The gallows themselves can be viewed from a long standing government office called the Old Lexorium, where employees of the Triumvirs had the perfect vantage point to view the executions. After the abolishment of certain laws during a period of reformation, the office staff moved and the building has gone on to be the starring site for many suburban ghost stories.
The gallows are decommissioned nowadays, but the bloodstains remain for younger generations to ponder. Those brave enough to enter and search the Old Lexorium despite its well-known dangers can still find lists of names that were sent to the block.
Not every greenskin merchant was good for the area, however, and this led to increased crime. Many of the original residents of the area began to leave, and over a few decades, the suburb slowly declined in popularity.
When the greenskin population reached a critical level, the politics of their homelands became important and caused an overnight change in the suburb. It went from one of opportunity and hope to one of syndicates and gangs.
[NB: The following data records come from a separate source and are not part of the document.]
Lemma sw3_eps_t_mul y h :
  sw3 D t (et y * h) = sw3 D (fun a b c => t (et y * a) b c) h.
Proof.
transitivity (sw2 D (fun u c => sw2 D (fun a b => t a b c) u) (et y * h)) => //.
rewrite sw2_eps_t_mul; last exact: trilinear_map_sw2_bilinear.
apply: eq_bigr => p _.
by rewrite sw2_eps_t_mul //; apply: trilinear_map_bilinear12.
Qed.

Lemma sw3_mul_eps_s x h :
  sw3 D t (h * es x) = sw3 D (fun a b c => t a b (c * es x)) h.
Proof.
transitivity (sw2 D (fun u c => sw2 D (fun a b => t a b c) u) (h * es x)) => //.
by rewrite sw2_mul_eps_s //; apply: trilinear_map_sw2_bilinear.
Qed.

End Sweedler3.

Section PartialRep.
Variables (A : algType k) (pi : H -> A).
Hypothesis Hpi : partial_rep D S pi.

Let piD := linear_funD (pr_lin Hpi).
Let piZ := linear_funZ (pr_lin Hpi).

Ltac pi_bilinear_tac :=
  split=> [?|?] ? ? ? /=;
  by rewrite ?(mulrDr, mulrDl, antipodeD, antipodeZ, piD, piZ,
              =^~ scalerAl, =^~ scalerAr).

Ltac pi_trilinear_tac :=
  split=> ? ? ? ? ? /=;
  by rewrite ?(mulrDr, mulrDl, antipodeD, antipodeZ, piD, piZ,
              =^~ scalerAl, =^~ scalerAr).

Lemma pi_eps_t_mul y h : pi (et y) * pi h = pi (et y * h).
Proof.
rewrite [in LHS](pr6 Hpi h) [RHS](pr6 Hpi) sw3_eps_t_mul; last by pi_trilinear_tac.
rewrite /sw3 mulr_sumr; apply: eq_bigr => p _.
rewrite -!mulr_suml mulrA; congr (_ * _).
have := pr2 Hpi (et y) p.1; rewrite /sw2 => <-.
by rewrite mulr_sumr; apply: eq_bigr => q _; rewrite mulrA.
Qed.

Lemma pi_mul_eps_s x h : pi h * pi (es x) = pi (h * es x).
Proof.
have pi_trilin : trilinear_map (fun a b c => pi a * pi (S b) * pi c).
  by pi_trilinear_tac.
have pi_trilin_w : trilinear_map (fun a b c => pi a * pi (S b) * pi (c * es x)).
  by pi_trilinear_tac.
rewrite [in LHS](pr6 Hpi h) [RHS](pr6 Hpi) sw3_mul_eps_s //.
rewrite !(wh_coassoc HW) // mulr_suml; apply: eq_bigr => p _.
transitivity (pi p.1 * sw2 D (fun a b => pi (S a) * pi b * pi (es x)) p.2).
  by rewrite /sw2 mulr_suml mulr_sumr; apply: eq_bigr => q _; rewrite !mulrA.
rewrite (pr5 Hpi) /sw2 mulr_sumr.
by apply: eq_bigr => q _; rewrite !mulrA.
Qed.

Lemma pi_mul_comul1_antipode m : sw2 D (fun a c => pi (m * a) * pi (S c)) 1 = pi m.
Proof.
rewrite -(sw2_unit_eps_t (b := fun a c => pi (m * a) * pi (S c))); last by pi_bilinear_tac.
transitivity (sw2 D (fun a c => pi (m * a * S (et c))) 1).
  by apply: eq_bigr => p _; rewrite antipode_eps_t pi_mul_eps_s -antipode_eps_t.
rewrite (sw2_unit_eps_t (b := fun a c => pi (m * a * S c))); last by pi_bilinear_tac.
transitivity (pi (m * sw2 D (fun a c => a * S c) 1)).
  rewrite /sw2 mulr_sumr (linear_fun_sum (pr_lin Hpi)).
  by apply: eq_bigr => p _; rewrite mulrA.
by rewrite (wh_S_t HW) eps_t1 mulr1.
Qed.

Lemma pi_antipode_comul1_mul m : sw2 D (fun a c => pi (S a) * pi (c * m)) 1 = pi m.
Proof.
rewrite -(sw2_unit_eps_s (b := fun a c => pi (S a) * pi (c * m))); last by pi_bilinear_tac.
transitivity (sw2 D (fun a c => pi (S (es a) * (c * m))) 1).
  by apply: eq_bigr => p _; rewrite antipode_eps_s pi_eps_t_mul -antipode_eps_s.
rewrite (sw2_unit_eps_s (b := fun a c => pi (S a * (c * m)))); last by pi_bilinear_tac.
transitivity (pi (sw2 D (fun a c => S a * c) 1 * m)).
  rewrite /sw2 mulr_suml (linear_fun_sum (pr_lin Hpi)).
  by apply: eq_bigr => p _; rewrite mulrA.
by rewrite (wh_S_s HW) eps_s1 mul1r.
Qed.

Lemma pi_mul_eps_t y h : pi h * pi (et y) = pi (h * et y).
Proof.
rewrite -(pi_mul_comul1_antipode (et y)) -(pi_mul_comul1_antipode (h * et y)).
rewrite -(sw2_eps_t (b := fun a c => pi a * pi (S c))); last by pi_bilinear_tac.
transitivity (sw2 D (fun a c => pi h * pi a * pi (S c)) (et y)).
  by rewrite /sw2 mulr_sumr; apply: eq_bigr => p _; rewrite mulrA.
rewrite (pr2 Hpi) sw2_eps_t; last by pi_bilinear_tac.
by apply: eq_bigr => p _; rewrite mulrA.
Qed.

Lemma pi_eps_s_mul x h : pi (es x) * pi h = pi (es x * h).
Proof.
rewrite -(pi_antipode_comul1_mul (es x)) -(pi_antipode_comul1_mul (es x * h)).
rewrite -(sw2_eps_s (b := fun a c => pi (S a) * pi c)); last by pi_bilinear_tac.
transitivity (sw2 D (fun a c => pi (S a) * pi c * pi h) (es x)).
  by rewrite /sw2 mulr_suml.
rewrite (pr5 Hpi) sw2_eps_s; last by pi_bilinear_tac.
by apply: eq_bigr => p _; rewrite mulrA.
Qed.

End PartialRep.

End WeakHopf.

Unset Implicit Arguments.

Theorem proposition3p4 (k : fieldType) (H : algType k)
    (D : H -> seq (H * H)) (eps : H -> k) (S : H -> H)
    (HW : weak_hopf D eps S)
    (A : algType k) (pi : H -> A) (Hpi : partial_rep D S pi)
    (w z : H) (Hw : exists x, w = eps_s D eps x) (Hz : exists y, z = eps_t D eps y) :
  forall h : H,
    [/\ pi w * pi h = pi (w * h),
        pi h * pi z = pi (h * z),
        pi z * pi h = pi (z * h) &
        pi h * pi w = pi (h * w)].
Proof.
move=> h; case: Hw => x ->; case: Hz => y ->; split.
- exact: (pi_eps_s_mul HW Hpi).
- exact: (pi_mul_eps_t HW Hpi).
- exact: (pi_eps_t_mul HW Hpi).
- exact: (pi_mul_eps_s HW Hpi).
Qed.
(* On an assignment avoiding oo, a bracketing t evaluates to the value of x_1
   exactly when the assignment is a homomorphism from the tree G(t) into G, and
   to oo otherwise; so t ~ t' holds iff G(t) and G(t') have the same
   homomorphisms into G.  A homomorphism sends x_i to the end of a walk of
   length d_T(x_i) starting at the image of the root, and when every walk of odd
   length joins adjacent vertices the converse holds.  In case (i) G is
   transitive, so these walk relations only see whether the depth is 0; the
   component conditions of (i) and (ii) say exactly that every walk of length 3
   joins adjacent vertices, so only the parity of the depth matters, and colouring
   G(t) by depth parity onto an edge of a bipartite component shows that the
   parities must agree.  In every other graph each length d >= 2 carries a walk
   between non-adjacent vertices (if all of them were edges, G would fall under
   (i) for even d and under (ii) for odd d); laid along the depths of G(t)
   at the first leaf where the depths in t and t' differ, it gives a
   homomorphism from G(t) that is not one from G(t'). *)

From Pilot Require Import Defs.
From mathcomp Require Import all_boot zify.
From Stdlib Require Import Relations.Relation_Operators Classical.
Set Implicit Arguments. Unset Strict Implicit. Unset Printing Implicit Defensive.

(* The parent of leaf [i] in G(t), leaves numbered from 0; junk at the root. *)
Fixpoint parent (t : bterm) (i : nat) : nat :=
  match t with
  | BLeaf => 0
  | BNode l r => if i < leaves l then parent l i
                 else if i == leaves l then 0 else leaves l + parent r (i - leaves l)
  end.

Lemma leaves_gt0 t : 0 < leaves t.
Proof. by elim: t => //= l IHl r _; rewrite addn_gt0 IHl. Qed.

Lemma depth0 t : depth t 0 = 0.
Proof. by elim: t => //= l IHl r _; rewrite leaves_gt0. Qed.

Lemma depth_node_l l r i : i < leaves l -> depth (BNode l r) i = depth l i.
Proof. by move=> /= ->. Qed.

Lemma depth_node_r l r j : depth (BNode l r) (leaves l + j) = (depth r j).+1.
Proof. by rewrite /= ltnNge leq_addr /= addKn. Qed.

Lemma parent_node_l l r i : i < leaves l -> parent (BNode l r) i = parent l i.
Proof. by move=> /= ->. Qed.

Lemma parent_node_r l r j : parent (BNode l r) (leaves l + j) =
  if j == 0 then 0 else leaves l + parent r j.
Proof.
rewrite /= ltnNge leq_addr /= addKn.
by case: j => [|j]; rewrite ?addn0 ?eqxx // -{2}(addn0 (leaves l)) eqn_add2l.
Qed.

Lemma depth_node_root_r l r : depth (BNode l r) (leaves l) = 1.
Proof. by have := depth_node_r l r 0; rewrite addn0 depth0. Qed.

Lemma parent_node_root_r l r : parent (BNode l r) (leaves l) = 0.
Proof. by have := parent_node_r l r 0; rewrite addn0. Qed.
Halyar ended up being the head of one of the most dangerous gangs in the area and the power corrupted him. He was able to bully the local government, the merchants guild and the city guard into doing whatever he wished, and as a result of this his wealth multiplied rapidly.
Ironically, it was another greenskin that ended his reign – Halyar was murdered by a rival gang that was moving up in the world. However, instead of simply following the new leader, as hobbes and goblins of the borderlands are expected to do, these modern greenskin citizens felt empowered by their Nexan rights, and took to violent rioting and all-out urban combat.
Eventually, the Nexan Guard did stop the rioting and fighting, but the gangs went underground and disappeared. Without a doubt, the gangs still have a hand in the daily affairs of Halyar’s Retreat, but nowadays they conduct business in a more discreet manner.